GAO Report Recommends That CMS Expand Hospice Abuse Reporting Requirements

Footnotes for this article are available at the end of this page.

The US Government Accountability Office (“GAO”) issued a report on December 12, 2022, recommending that the Centers for Medicare and Medicaid Services (“CMS”) expand hospice abuse and neglect reporting requirements to make them more akin to nursing homes and hospitals. This would require hospice care providers to report all instances of suspected abuse and neglect immediately — even those instances involving suspected perpetrators unaffiliated with the hospice care providers, like family members. The Department of Health and Human Services (“HHS”) neither agreed nor disagreed with GAO’s recommendation.

Current Hospice Policy Compared to Nursing Home and Hospital Policy

Under current policy, hospice care providers are required to report allegations of abuse or neglect to the appropriate state authorities: (1) if the alleged perpetrator is affiliated with the hospice; and (2) after the hospice has verified it as abuse or neglect based on an internal investigation, which may take up to five days. 42 C.F.R. § 418.52(b).
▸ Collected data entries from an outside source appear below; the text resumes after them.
Lemma gzpow_succ r : g ^^ Z.succ r = g ^^ r * g.
Proof.
  destruct (Z.le_gt_cases 0 r) as [Hr | Hr].
  - rewrite <- (Z2Nat.id r Hr), <- Nat2Z.inj_succ, !gzpow_of_nat.
    apply gpow_succ_r.
  - set (n := Z.to_nat (- r - 1)).
    replace r with (- Z.of_nat (S n))%Z by lia.
    replace (Z.succ (- Z.of_nat (S n))) with (- Z.of_nat n)%Z by lia.
    rewrite !gzpow_opp_of_nat; simpl gpow; group.
Qed.

Lemma gzpow_pred r : g ^^ Z.pred r = g ^^ r * g^-1.
Proof. rewrite <- (Z.succ_pred r) at 2. rewrite gzpow_succ; group. Qed.

Lemma gzpow_add r s : g ^^ (r + s) = g ^^ r * g ^^ s.
Proof.
  induction s as [|s IH|s IH] using Z.peano_ind.
  - rewrite Z.add_0_r; simpl; group.
  - rewrite Z.add_succ_r, !gzpow_succ, IH; group.
  - rewrite Z.add_pred_r, !gzpow_pred, IH; group.
Qed.

Lemma gzpow_opp r : g ^^ (- r) = (g ^^ r)^-1.
Proof.
  apply invg_unique. rewrite <- gzpow_add, Z.add_opp_diag_r; reflexivity.
Qed.

Lemma gzpow_commute r : g * g ^^ r = g ^^ r * g.
Proof. rewrite <- gzpow_succ, <- Z.add_1_l, gzpow_add; simpl; group. Qed.

Lemma gzpow_conj r : g^-1 * g ^^ r * g = g ^^ r.
Proof. rewrite <- gmulA, <- gzpow_commute; group. Qed.

Definition conj_stable (P : G -> Prop) (h : G) : Prop :=
  forall m, P m <-> P (h^-1 * m * h).

Lemma conj_stable_inv P h m : conj_stable P h -> P m -> P (h * m * h^-1).
Proof.
  intros Hh Hm. apply Hh. replace (h^-1 * (h * m * h^-1) * h) with m by group.
  exact Hm.
Qed.

Lemma conj_stable_gzpow P : conj_stable P g -> forall r, conj_stable P (g ^^ r).
Proof.
  intros Hg r. induction r as [|r IH|r IH] using Z.peano_ind; intro m.
  - simpl. replace (1^-1 * m * 1) with m by group. reflexivity.
  - rewrite gzpow_succ, (IH m), (Hg ((g ^^ r)^-1 * m * g ^^ r)).
    replace ((g ^^ r * g)^-1 * m * (g ^^ r * g))
      with (g^-1 * ((g ^^ r)^-1 * m * g ^^ r) * g) by group.
    reflexivity.
  - rewrite gzpow_pred, (IH m).
    set (w := (g ^^ r)^-1 * m * g ^^ r).
    replace ((g ^^ r * g^-1)^-1 * m * (g ^^ r * g^-1)) with (g * w * g^-1)
      by (unfold w; group).
    rewrite (Hg (g * w * g^-1)).
    replace (g^-1 * (g * w * g^-1) * g) with w by group.
    reflexivity.
Qed.

End Powers.

Lemma Z_bounded_max (Q : Z -> Prop) {lo hi} :
  Q lo -> (forall r, Q r -> (r <= hi)%Z) ->
  exists m, Q m /\ forall r, Q r -> (r <= m)%Z.
Proof.
  intros Qlo Hhi.
  assert (Hn : forall n, (forall r, Q r -> (r <= lo + Z.of_nat n)%Z) ->
                exists m, Q m /\ forall r, Q r -> (r <= m)%Z).
  { induction n as [|n IH]; intro Hb.
    - exists lo. split; [exact Qlo|]. intros r Qr. specialize (Hb r Qr). lia.
    - destruct (classic (Q (lo + Z.of_nat (S n))%Z)) as [Qn | Nn]; [eauto|].
      apply IH. intros r Qr. specialize (Hb r Qr).
      assert (r <> lo + Z.of_nat (S n))%Z by (intros ->; contradiction). lia. }
  pose proof (Hhi lo Qlo).
  apply (Hn (Z.to_nat (hi - lo))). intros r Qr. specialize (Hhi r Qr). lia.
Qed.

Lemma Z_bounded_min (Q : Z -> Prop) {lo hi} :
  Q hi -> (forall r, Q r -> (lo <= r)%Z) ->
  exists m, Q m /\ forall r, Q r -> (m <= r)%Z.
Proof.
  intros Qhi Hlo.
  destruct (@Z_bounded_max (fun r => Q (- r)%Z) (- hi) (- lo)) as [m [Qm Hm]].
  - rewrite Z.opp_involutive; exact Qhi.
  - intros r Qr. specialize (Hlo _ Qr). lia.
  - exists (- m)%Z. split; [exact Qm|]. intros r Qr.
    specialize (Hm (- r)%Z). rewrite Z.opp_involutive in Hm. specialize (Hm Qr). lia.
Qed.

(** * Atomic monoids *)

Section Garside.
Variables (G : Group) (M : G -> Prop).
Local Notation "a * b" := (gmul G a b).
Local Notation "a ^-1" := (ginv G a) (at level 3, format "a ^-1").
Local Notation "1" := (gone G).
Local Notation pre := (prefix G M).

Hypothesis M_one : M 1.
Hypothesis M_mul : forall a b, M a -> M b -> M (a * b).
Hypothesis M_atomic : forall x, M x -> exists l, Forall (is_atom G M) l /\ x = gprod G l.
Hypothesis M_atom_bounded : forall x, M x -> exists N, forall l,
  Forall (is_atom G M) l -> x = gprod G l -> length l <= N.

Lemma prefix_refl a : pre a a.
Proof. unfold prefix. rewrite gmulVl. exact M_one. Qed.

Lemma prefix_trans a b c : pre a b -> pre b c -> pre a c.
Proof.
  unfold prefix. intros Hab Hbc.
  replace (a^-1 * c) with ((a^-1 * b) * (b^-1 * c)) by group. auto.
Qed.

Lemma prefix_mul_l c a b : pre a b -> pre (c * a) (c * b).
Proof. unfold prefix. replace ((c * a)^-1 * (c * b)) with (a^-1 * b) by group. auto. Qed.

Lemma gprod_M l : Forall M l -> M (gprod G l).
Proof. induction 1; [exact M_one|]. rewrite gprod_cons. auto. Qed.

Definition atom_length_le (x : G) (n : nat) : Prop :=
  forall l, Forall (is_atom G M) l -> x = gprod G l -> length l <= n.

Definition proper_factor (p q : G) : Prop :=
  M p /\ exists b c, M b /\ M c /\ q = b * p * c /\ (b <> 1 \/ c <> 1).

Lemma atom_length_le_factor b p c n :
  M b -> M p -> M c -> b <> 1 \/ c <> 1 -> atom_length_le (b * p * c) n ->
  exists n', n = S n' /\ atom_length_le p n'.
Proof.
  intros Mb Mp Mc Hbc Hn.
  destruct (M_atomic Mb) as [lb [Ab Eb]], (M_atomic Mc) as [lc [Ac Ec]].
  assert (Hlen : forall l, Forall (is_atom G M) l -> p = gprod G l ->
                   length lb + length l + length lc <= n).
  { intros l Al El. rewrite <- Nat.add_assoc, <- !length_app.
    apply Hn; [rewrite !Forall_app; auto|].
    rewrite !gprod_app, <- Eb, <- El, <- Ec; group. }
  assert (Hbc_len : 1 <= length lb + length lc).
  { destruct Hbc as [Hb | Hc]; [destruct lb | destruct lc]; cbn [length];
      try lia; exfalso; [apply Hb, Eb | apply Hc, Ec]. }
  destruct (M_atomic Mp) as [lp [Ap Ep]]. pose proof (Hlen lp Ap Ep).
  exists (pred n). split; [lia|]. intros l Al El. specialize (Hlen l Al El). lia.
Qed.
Under the first requirement, hospice providers currently have no obligation to report suspected abuse or neglect by any unaffiliated third party. This is important because studies indicate that most abuse in the hospice setting occurs in the home by individual caregivers, such as family members, not by the hospice care provider or its affiliates.1 Therefore, in most instances, there is no requirement to report suspected abuse. In the hospital and nursing home settings, providers are required to report any suspected abuse or neglect regardless of who is involved. 42 C.F.R. § 483.12(c)(1).

Under the second requirement of the current policy, reporting only occurs after an internal investigation by the hospice care provider. In nursing homes and hospitals, reporting must occur immediately after the suspected abuse is recognized. 42 C.F.R. § 483.12(c)(1). This chart from the GAO Report compares the current reporting obligations among the three provider types. Specifically, nursing homes and hospitals must report all instances of suspected abuse or neglect resulting in serious bodily harm within two hours and in all other instances within 24 hours. 42 C.F.R. § 483.12(c)(1). This allows CMS to quickly initiate unannounced on-site investigations of its own to confirm that providers are conducting thorough investigations and adequately protecting their patients, even while not under their care.
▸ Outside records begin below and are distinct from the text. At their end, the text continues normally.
Lemma long_interval_has_jump_or_crossing alpha beta M a b s c :
  0 < alpha -> 0 < beta -> M <> 0 ->
  local_min alpha beta (fun x => M * x) a b s c ->
  b - a > 2 * Rpower (alpha / (beta * M ^ 2)) (1 / 3) ->
  (exists x, In x s) \/ (exists y, inter_pt M a b s c y).
Proof.
  intros Halpha Hbeta HM Hmin Hlong.
  destruct s as [|x s]; [| left; exists x; left; auto].
  pose proof Hmin as [Hstep _].
  destruct c as [|c0 [|]]; destruct Hstep as [Hc _]; try discriminate.
  set (y := c0 / M). assert (Hc0 : c0 = M * y) by (unfold y; field; auto).
  assert (Hcases : (y <= a \/ b <= y) \/ a < y < b)
    by (destruct (Rle_lt_dec y a), (Rle_lt_dec b y); lra).
  destruct Hcases as [Hfar | Hin].
  2:{ right. exists y. split; [exact Hin | split; [intros [] | exact Hc0]]. }
  exfalso.
  set (K := alpha / (beta * M ^ 2)) in *.
  assert (HM2 : 0 < M ^ 2) by (pose proof (Rsqr_pos_lt M HM); unfold Rsqr in *; nra).
  assert (HK : 0 < K) by (apply Rdiv_lt_0_compat; nra).
  pose proof (cube_gt_of_gt_twice_cbrt K (b - a) HK Hlong) as Hcube.
  set (L := b - a) in *.
  assert (HL : 0 < L) by nra.
  (* so that [(L - 2 e) L^2 = (L^3 + 8 K) / 2 > 8 K] *)
  set (e := (L ^ 3 - 8 * K) / (4 * L ^ 2)).
  assert (HeL : e * (4 * L ^ 2) = L ^ 3 - 8 * K) by (unfold e; field; nra).
  assert (He : 0 < e /\ 2 * e < L) by (split; nra).
  pose proof (sq_dist_line_mid_outside M a b y ltac:(unfold L in HL; lra) Hfar) as Hsq.
  rewrite <- Hc0 in Hsq. fold L in Hsq.
  assert (Hoff : c0 <> M * (a + b) / 2).
  { intros E. rewrite E, Rminus_diag in Hsq.
    assert (0 < M ^ 2 * (L / 2) ^ 2) by (apply Rmult_lt_0_compat; [lra | apply pow_lt; lra]).
    lra. }
  pose proof (two_jump_gain_le alpha beta M a b c0 e Hbeta Hmin (proj1 He) (proj2 He) Hoff)
    as Hbound.
  fold L in Hbound.
  assert (Hshrunk : beta * (L - 2 * e) * (M ^ 2 * (L / 2) ^ 2) <= 2 * alpha).
  { eapply Rle_trans; [|exact Hbound]. apply Rmult_le_compat_l; [nra | exact Hsq]. }
  assert (Halpha_K : alpha = beta * M ^ 2 * K) by (unfold K; field; split; lra).
  assert (Hkey : (L - 2 * e) * L ^ 2 <= 8 * K) by (apply (Rmult_le_reg_l (beta * M ^ 2)); nra).
  nra.
Qed.

Theorem lemma4p5 (alpha beta M a b : R) (s c : list R) :
  0 < alpha -> 0 < beta -> a < b ->
  local_min alpha beta (fun x => M * x) a b s c ->
  (* (1) *)
  (M <> 0 -> b - a > 2 * Rpower (alpha / (beta * M ^ 2)) (1 / 3) ->
     (exists x, In x s) \/ (exists y, inter_pt M a b s c y)) /\
  (* (2) *)
  (forall x, In x s ->
     sval_r s c x - M * x = M * x - sval_l s c x /\
     (0 < M -> 0 < sval_r s c x - M * x) /\
     (M < 0 -> sval_r s c x - M * x < 0)) /\
  (* (3) *)
  (forall x1 x2, In x1 s -> In x2 s -> x1 < x2 ->
     (forall z, In z s -> ~ (x1 < z < x2)) ->
     forall x, x1 < x < x2 -> sval s c x = M * (x1 + x2) / 2) /\
  (* (4) *)
  (M <> 0 -> forall ys : list R, Sorted Rlt ys ->
     (forall y, In y ys <-> inter_pt M a b s c y) ->
     forall i, (S (S i) < length ys)%nat ->
       nth (S i) ys 0 - nth i ys 0 = nth (S (S i)) ys 0 - nth (S i) ys 0).
Proof.
  intros Halpha Hbeta _ Hmin.
  split; [|split; [|split]].
  - intros HM. exact (long_interval_has_jump_or_crossing alpha beta M a b s c Halpha Hbeta HM Hmin).
  - exact (jump_symmetric alpha beta M a b s c Hbeta Hmin).
  - exact (value_between_consecutive_jumps alpha beta M a b s c Hbeta Hmin).
  - exact (crossings_equally_spaced alpha beta M a b s c Hbeta Hmin).
Qed.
GAO’s Recommendation and Potential Implications

GAO recommended that CMS require hospice care providers to immediately report all instances of suspected abuse or neglect to the appropriate survey agencies irrespective of the perpetrator. This places a heavy burden on hospice care providers who could potentially face survey enforcement actions for issues that fall within a gray zone of abuse and neglect. Unlike other provider types, hospice staff have infrequent interactions with patients and family, often as little as two times per week for the most common form of hospice — routine care. Moreover, hospice patients are, by definition, in a terminal decline, with frequent instances of unpreventable skin breakdown, significant weight losss, infections, falls, and incontinence. With falls and wasting of muscle and fat reserves comes increased bruising and easier skin tears. Thus, what in an institutional setting may appear, at first blush, to be potential neglect or abuse could be representative of the terminal decline for many hospice patients living at home. Likewise, when issues are observed contemporaneously and continuously in an institutional setting, such as a fall with resulting bruising developing over a few days, the same injuries observed only intermittently in a home setting may appear more alarming.
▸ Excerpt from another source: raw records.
Lemma walk_of_event n (Q : pred (walk n)) : [set w | Q (walk_of I n w)] =
  \big[setU/set0]_(s <- index_enum (walk n) | Q s) [set w | walk_of I n w = s].
Proof.
rewrite -bigcup_seq_cond; apply/seteqP; split => [w Qw|w [s /andP[_ Qs]]].
  by exists (walk_of I n w); rewrite /= ?mem_index_enum.
by rewrite /= => ->.
Qed.

Lemma measurable_walk_of_eq n (s : walk n) : measurable [set w | walk_of I n w = s].
Proof.
have -> : [set w | walk_of I n w = s] =
    \bigcap_(k in [set k | (k < n.+1)%N]) I k @^-1` [set s (inord k)].
  apply/seteqP; split => [w /= <- k /= lt_kn|w /= Iw].
    by rewrite /preimage /= ffunE inordK.
  by apply/ffunP => k; rewrite ffunE (Iw k (ltn_ord k)) inord_val.
by apply: bigcap_measurableType => k _; apply: chainI.1.
Qed.

Lemma measurable_walk_of n (Q : pred (walk n)) : measurable [set w | Q (walk_of I n w)].
Proof.
by rewrite walk_of_event; apply: bigsetU_measurable => s _; apply: measurable_walk_of_eq.
Qed.

Lemma prob_walk_of n (Q : pred (walk n)) :
  P [set w | Q (walk_of I n w)] = (\sum_(s | Q s) walk_prob s)%:E.
Proof.
rewrite walk_of_event measure_bigsetU_seq ?index_enum_uniq //.
- by rewrite -sumEFin; apply: eq_bigr => s _; rewrite walk_of_eqE; apply: chainI.2.
- exact: measurable_walk_of_eq.
- move=> s t; apply: contra_neqP => /eqP/set0P[w [<- <-]] //.
Qed.

Lemma walk_excess_small_ae m : \forall w \ae P, \forall n \near \oo,
  `|walk_excess (walk_of I n.+1 w)| <= n.+1%:R / m.+1%:R :> R.
Proof.
pose A n := [set w | n.+1%:R / m.+1%:R < `|walk_excess (walk_of I n.+1 w)| :> R].
have mA n : measurable (A n).
  exact: (measurable_walk_of (fun s => n.+1%:R / m.+1%:R < `|walk_excess s| :> R)).
have PA_le n : (P (A n) <= (m.+1%:R ^+ 4 / n.+1%:R ^+ 2)%:E)%E.
  rewrite (prob_walk_of (fun s => n.+1%:R / m.+1%:R < `|walk_excess s| :> R)) lee_fin.
  apply: le_trans (walk_excess_tail _ _) _; first by rewrite divr_gt0.
  suff -> : n.+1%:R ^+ 2 / (n.+1%:R / m.+1%:R) ^+ 4 = m.+1%:R ^+ 4 / n.+1%:R ^+ 2 :> R by [].
  by field; rewrite !nat1r !pnatr_eq0.
have sumA : (\sum_(n <oo) P (A n) < +oo)%E.
  apply: le_lt_trans (nneseries_inv_sq_lt_pinfty (exprn_ge0 _ (ler0n _ m.+1))).
  by apply: lee_nneseries => n _ //; apply: measure_ge0.
apply: filterS (borel_cantelli_ae mA sumA) => w; apply: filterS => n.
by rewrite /A /= leNgt => /negP.
Qed.

Lemma nflips_slln :
  {ae P, forall w, (fun n => n%:R^-1 * nflips (I^~ w) n) @ \oo --> (4 / 5 : R)}.
Proof.
apply: filterS (ae_foralln walk_excess_small_ae) => w excess_small.
rewrite -cvg_shiftS /=; apply: cvg_dist_le_invS => m.
apply: filterS (excess_small m) => n; rewrite walk_excess_of.
have -> : n.+1%:R^-1 * nflips (I^~ w) n.+1 - 4 / 5 =
    n.+1%:R^-1 * (nflips (I^~ w) n.+1 - 4 / 5 * n.+1%:R) :> R by field.
by rewrite normrM gtr0_norm ?invr_gt0 // ler_pdivrMl.
Qed.

End MarkovChain.

Lemma cvg_ln_norm_Aprod (Omega : Type) (R : realType) (I : nat -> Omega -> 'I_2) w :
  (fun n => n%:R^-1 * nflips (I^~ w) n) @ \oo --> (4 / 5 : R) ->
  (fun n => n%:R^-1 * ln `|@Aprod Omega R I n w|) @ \oo --> 1 / 5 * ln (10 : R).
Proof.
have [K ln_Aprod_le] := @ln_norm_Aprod_nflips R.
rewrite -cvg_shiftS /= => flips_cvg; rewrite -cvg_shiftS /=.
pose r n : R :=
  ln `|Aprod I n.+1 w : 'M[R]_2| - ln 10 * (3 / 2 * nflips (I^~ w) n.+1 - n.+1%:R).
have -> : (fun n => n.+1%:R^-1 * ln `|Aprod I n.+1 w|) = (fun n =>
    ln 10 * (3 / 2 * (n.+1%:R^-1 * nflips (I^~ w) n.+1) - 1) + n.+1%:R^-1 * r n).
  by apply/funext => n; rewrite /r; field; rewrite nat1r pnatr_eq0.
have -> : 1 / 5 * ln (10 : R) = ln 10 * (3 / 2 * (4 / 5) - 1) + 0 by field.
apply: cvgD; last exact: (cvg_harmonicM_bounded (fun n => ln_Aprod_le _ I n w)).
by apply: cvgMl_tmp; apply: cvgB; [apply: cvgMl_tmp | apply: cvg_cst].
Qed.

Theorem mainTheorem7 (d : measure_display) (Omega : measurableType d)
  (R : realType) (P : probability Omega R) (I : nat -> Omega -> 'I_2) :
  stationary_markov_chain P I ->
  [/\ is_spectral_radius (@B1 algC) (1 / 10),
      is_spectral_radius (@B2 algC) (1 / 10),
      (1 / 10 : algC) < 1,
      (0 : R) < (1 / 5) * ln 10 &
      {ae P, forall w,
         (fun n : nat => (n%:R)^-1 * ln `|@Aprod Omega R I n w|) @ \oo
           --> (1 / 5) * ln (10 : R)}].
Proof.
move=> chainI; split.
- exact: (is_spectral_radius_Bst ord0).
- exact: (is_spectral_radius_Bst 1).
- by rewrite mul1r invf_lt1 // ltr1n.
- by rewrite mulr_gt0 // ln_gt0 // ltr1n.
- by apply: filterS (nflips_slln chainI) => w; apply: cvg_ln_norm_Aprod.
Qed.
Therefore, to engraft an institutional reporting system onto hospice providers could lead to over-reporting of suspected abuse and neglect issues. It also places a more significant wedge between caregivers and family members, where the providers are entering the home only periodically and again not observing issues contemporaneously. And then, of course, there is the lack of adequate survey staff to investigate allegations. To call upon surveyors to understand the nuances of the hospice terminal decline and the expected body system breakdowns that accompany that decline and then distinguish that from abuse and neglect could be asking too much. To place hospices in a position of potential survey enforcement for failure to report and being second-guessed where potential signs of abuse and neglect are equally consistent with a normal and expected terminal decline could be going too far, especially when the hospice staff observing these signs may have only intermittent interactions with patients and families. Notwithstanding these challenges, the industry should carefully consider whether to oppose any new proposals flowing from the GAO Report, as the optics could be less than ideal if not handled delicately.

 

[1] Study cited by GAO: Department of Health and Human Services Office of Inspector General, CMS Could Use Medicare Data To Identify Instances of Potential Abuse or Neglect, A-01-17-00513 (Washington, D.C.: June 2019); 7K. M. Jayawardena and S. Liao, “Elder Abuse at End of Life,” Journal of Palliative Medicine, vol. 9, no. 1 (2006): 127.